__Work task__
Could every entry be set down once more, exactly as given?

***

(* Let $(A,B,\mathfrak H)$ be a P-module. Then either every non-zero vector of $\mathfrak H$ is annihilated by all rays, or there exists a vector of $\mathfrak H$ contained in some periodic ray $p$.
   Context: A P-module is $(A,B,\mathfrak H)$ with $\mathfrak H$ a finite-dimensional complex Hilbert space and $A,B$ operators with $A^*A+B^*B=\mathrm{id}$. A ray is an infinite binary sequence $p=x_1x_2\cdots$; $p_n=x_1\cdots x_n$. For a finite binary word $w=x_1\cdots x_n$, $w\xi:=X_{x_n}\cdots X_{x_1}\xi$ where $X_0=A$, $X_1=B$. A non-zero vector $\xi$ is contained in the ray $p$ if $\|p_n\xi\|=\|\xi\|$ for all $n$; it is annihilated by all rays if $\lim_n\|q_n\xi\|=0$ for every ray $q$. A ray is periodic if it equals $w^\infty$ for some finite non-empty word $w$. *)

From HB Require Import structures.
From mathcomp Require Import all_boot all_order all_algebra.
From mathcomp Require Import complex.
From mathcomp Require Import all_classical all_reals topology normedtype sequences.
Set Implicit Arguments. Unset Strict Implicit. Unset Printing Implicit Defensive.
Import Order.TTheory GRing.Theory Num.Theory.
Import numFieldNormedType.Exports.
Local Open Scope ring_scope.
Local Open Scope classical_set_scope.

(* The Hilbert space H is C^n (column vectors) with the standard inner product. *)
Definition adjmx (R : rcfType) (n : nat) (M : 'M[R[i]]_n) : 'M[R[i]]_n :=
  map_mx Num.conj (M^T).

Definition hnorm2 (R : rcfType) (n : nat) (v : 'cV[R[i]]_n) : R :=
  \sum_(k < n) ((complex.Re (v k ord0)) ^+ 2 + (complex.Im (v k ord0)) ^+ 2).

Definition hnorm (R : rcfType) (n : nat) (v : 'cV[R[i]]_n) : R :=
  Num.sqrt (hnorm2 v).

Definition Pmodule (R : rcfType) (n : nat) (A B : 'M[R[i]]_n) : Prop :=
  adjmx A *m A + adjmx B *m B = 1%:M.

Definition Xop (R : rcfType) (n : nat) (A B : 'M[R[i]]_n) (b : bool) : 'M[R[i]]_n :=
  if b then B else A.

(* w xi = X_{x_m} ... X_{x_1} xi  for w = x_1 ... x_m *)
Definition word_act (R : rcfType) (n : nat) (A B : 'M[R[i]]_n)
  (w : seq bool) (xi : 'cV[R[i]]_n) : 'cV[R[i]]_n :=
  foldl (fun v b => Xop A B b *m v) xi w.

(* a ray p = x_1 x_2 ... is a function nat -> bool (x_{k+1} = p k);
   prefix p m = x_1 ... x_m *)
Definition prefix (p : nat -> bool) (m : nat) : seq bool := mkseq p m.

Definition contained_in (R : rcfType) (n : nat) (A B : 'M[R[i]]_n)
  (p : nat -> bool) (xi : 'cV[R[i]]_n) : Prop :=
  xi != 0 /\ forall m : nat, hnorm (word_act A B (prefix p m) xi) = hnorm xi.

Definition annihilated_by_all_rays (R : realType) (n : nat) (A B : 'M[R[i]]_n)
  (xi : 'cV[R[i]]_n) : Prop :=
  forall q : nat -> bool,
    (fun m : nat => hnorm (word_act A B (prefix q m) xi)) @ \oo --> (0 : R).

Definition periodic_ray (p : nat -> bool) : Prop :=
  exists w : seq bool, w != [::] /\ forall k : nat, p k = nth false w (k %% size w).

From Pilot Require Import Defs.
From HB Require Import structures.
From mathcomp Require Import all_boot all_order all_algebra.
From mathcomp Require Import complex.
From mathcomp Require Import all_classical all_reals topology normedtype sequences.
From mathcomp Require Import derive ring zify.
Set Implicit Arguments. Unset Strict Implicit. Unset Printing Implicit Defensive.
Import Order.TTheory GRing.Theory Num.Theory.
Import numFieldNormedType.Exports.
Local Open Scope classical_set_scope.
Local Open Scope complex_scope.
Local Open Scope ring_scope.

(* For a word w, the vectors on which w acts isometrically form a subspace
   S(w), and S(u ++ z) is contained in S(u).  The largest dimension r(N) of
   S(w) over the words of length N is nonincreasing in N, hence constant for
   N >= N0.
   If r(N0) = 0, every word of length N0 + 1 is a strict contraction; by
   compactness of the unit sphere all of them contract by a common factor
   rho < 1, so along any ray the norms decay like rho^(m / (N0 + 1)).
   If r(N0) > 0, pick a word w of length 2^N0 + N0 with dim S(w) = r(N0).
   Two of its windows of length N0 coincide, say at t1 < t2.  By maximality,
   the prefix of length t maps S(w) injectively onto S(window at t), so the
   factor z of w between t1 and t2 maps this common space isometrically into
   itself, and each of its non-zero vectors is contained in the ray z z z ... *)

Section HilbertNorm.
Variables (R : rcfType) (n : nat).
Implicit Types (v : 'cV[R[i]]_n).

***

__Response__
(* Let $(A,B,\mathfrak H)$ be a P-module. Then either every non-zero vector of $\mathfrak H$ is annihilated by all rays, or there exists a vector of $\mathfrak H$ contained in some periodic ray $p$.
   Context: A P-module is $(A,B,\mathfrak H)$ with $\mathfrak H$ a finite-dimensional complex Hilbert space and $A,B$ operators with $A^*A+B^*B=\mathrm{id}$. A ray is an infinite binary sequence $p=x_1x_2\cdots$; $p_n=x_1\cdots x_n$. For a finite binary word $w=x_1\cdots x_n$, $w\xi:=X_{x_n}\cdots X_{x_1}\xi$ where $X_0=A$, $X_1=B$. A non-zero vector $\xi$ is contained in the ray $p$ if $\|p_n\xi\|=\|\xi\|$ for all $n$; it is annihilated by all rays if $\lim_n\|q_n\xi\|=0$ for every ray $q$. A ray is periodic if it equals $w^\infty$ for some finite non-empty word $w$. *)

From HB Require Import structures.
From mathcomp Require Import all_boot all_order all_algebra.
From mathcomp Require Import complex.
From mathcomp Require Import all_classical all_reals topology normedtype sequences.
Set Implicit Arguments. Unset Strict Implicit. Unset Printing Implicit Defensive.
Import Order.TTheory GRing.Theory Num.Theory.
Import numFieldNormedType.Exports.
Local Open Scope ring_scope.
Local Open Scope classical_set_scope.

(* The Hilbert space H is C^n (column vectors) with the standard inner product. *)
Definition adjmx (R : rcfType) (n : nat) (M : 'M[R[i]]_n) : 'M[R[i]]_n :=
  map_mx Num.conj (M^T).

Definition hnorm2 (R : rcfType) (n : nat) (v : 'cV[R[i]]_n) : R :=
  \sum_(k < n) ((complex.Re (v k ord0)) ^+ 2 + (complex.Im (v k ord0)) ^+ 2).

Definition hnorm (R : rcfType) (n : nat) (v : 'cV[R[i]]_n) : R :=
  Num.sqrt (hnorm2 v).

Definition Pmodule (R : rcfType) (n : nat) (A B : 'M[R[i]]_n) : Prop :=
  adjmx A *m A + adjmx B *m B = 1%:M.

Definition Xop (R : rcfType) (n : nat) (A B : 'M[R[i]]_n) (b : bool) : 'M[R[i]]_n :=
  if b then B else A.

(* w xi = X_{x_m} ... X_{x_1} xi  for w = x_1 ... x_m *)
Definition word_act (R : rcfType) (n : nat) (A B : 'M[R[i]]_n)
  (w : seq bool) (xi : 'cV[R[i]]_n) : 'cV[R[i]]_n :=
  foldl (fun v b => Xop A B b *m v) xi w.

(* a ray p = x_1 x_2 ... is a function nat -> bool (x_{k+1} = p k);
   prefix p m = x_1 ... x_m *)
Definition prefix (p : nat -> bool) (m : nat) : seq bool := mkseq p m.

Definition contained_in (R : rcfType) (n : nat) (A B : 'M[R[i]]_n)
  (p : nat -> bool) (xi : 'cV[R[i]]_n) : Prop :=
  xi != 0 /\ forall m : nat, hnorm (word_act A B (prefix p m) xi) = hnorm xi.

Definition annihilated_by_all_rays (R : realType) (n : nat) (A B : 'M[R[i]]_n)
  (xi : 'cV[R[i]]_n) : Prop :=
  forall q : nat -> bool,
    (fun m : nat => hnorm (word_act A B (prefix q m) xi)) @ \oo --> (0 : R).

Definition periodic_ray (p : nat -> bool) : Prop :=
  exists w : seq bool, w != [::] /\ forall k : nat, p k = nth false w (k %% size w).

From Pilot Require Import Defs.
From HB Require Import structures.
From mathcomp Require Import all_boot all_order all_algebra.
From mathcomp Require Import complex.
From mathcomp Require Import all_classical all_reals topology normedtype sequences.
From mathcomp Require Import derive ring zify.
Set Implicit Arguments. Unset Strict Implicit. Unset Printing Implicit Defensive.
Import Order.TTheory GRing.Theory Num.Theory.
Import numFieldNormedType.Exports.
Local Open Scope classical_set_scope.
Local Open Scope complex_scope.
Local Open Scope ring_scope.

(* For a word w, the vectors on which w acts isometrically form a subspace
   S(w), and S(u ++ z) is contained in S(u).  The largest dimension r(N) of
   S(w) over the words of length N is nonincreasing in N, hence constant for
   N >= N0.
   If r(N0) = 0, every word of length N0 + 1 is a strict contraction; by
   compactness of the unit sphere all of them contract by a common factor
   rho < 1, so along any ray the norms decay like rho^(m / (N0 + 1)).
   If r(N0) > 0, pick a word w of length 2^N0 + N0 with dim S(w) = r(N0).
   Two of its windows of length N0 coincide, say at t1 < t2.  By maximality,
   the prefix of length t maps S(w) injectively onto S(window at t), so the
   factor z of w between t1 and t2 maps this common space isometrically into
   itself, and each of its non-zero vectors is contained in the ray z z z ... *)

Section HilbertNorm.
Variables (R : rcfType) (n : nat).
Implicit Types (v : 'cV[R[i]]_n).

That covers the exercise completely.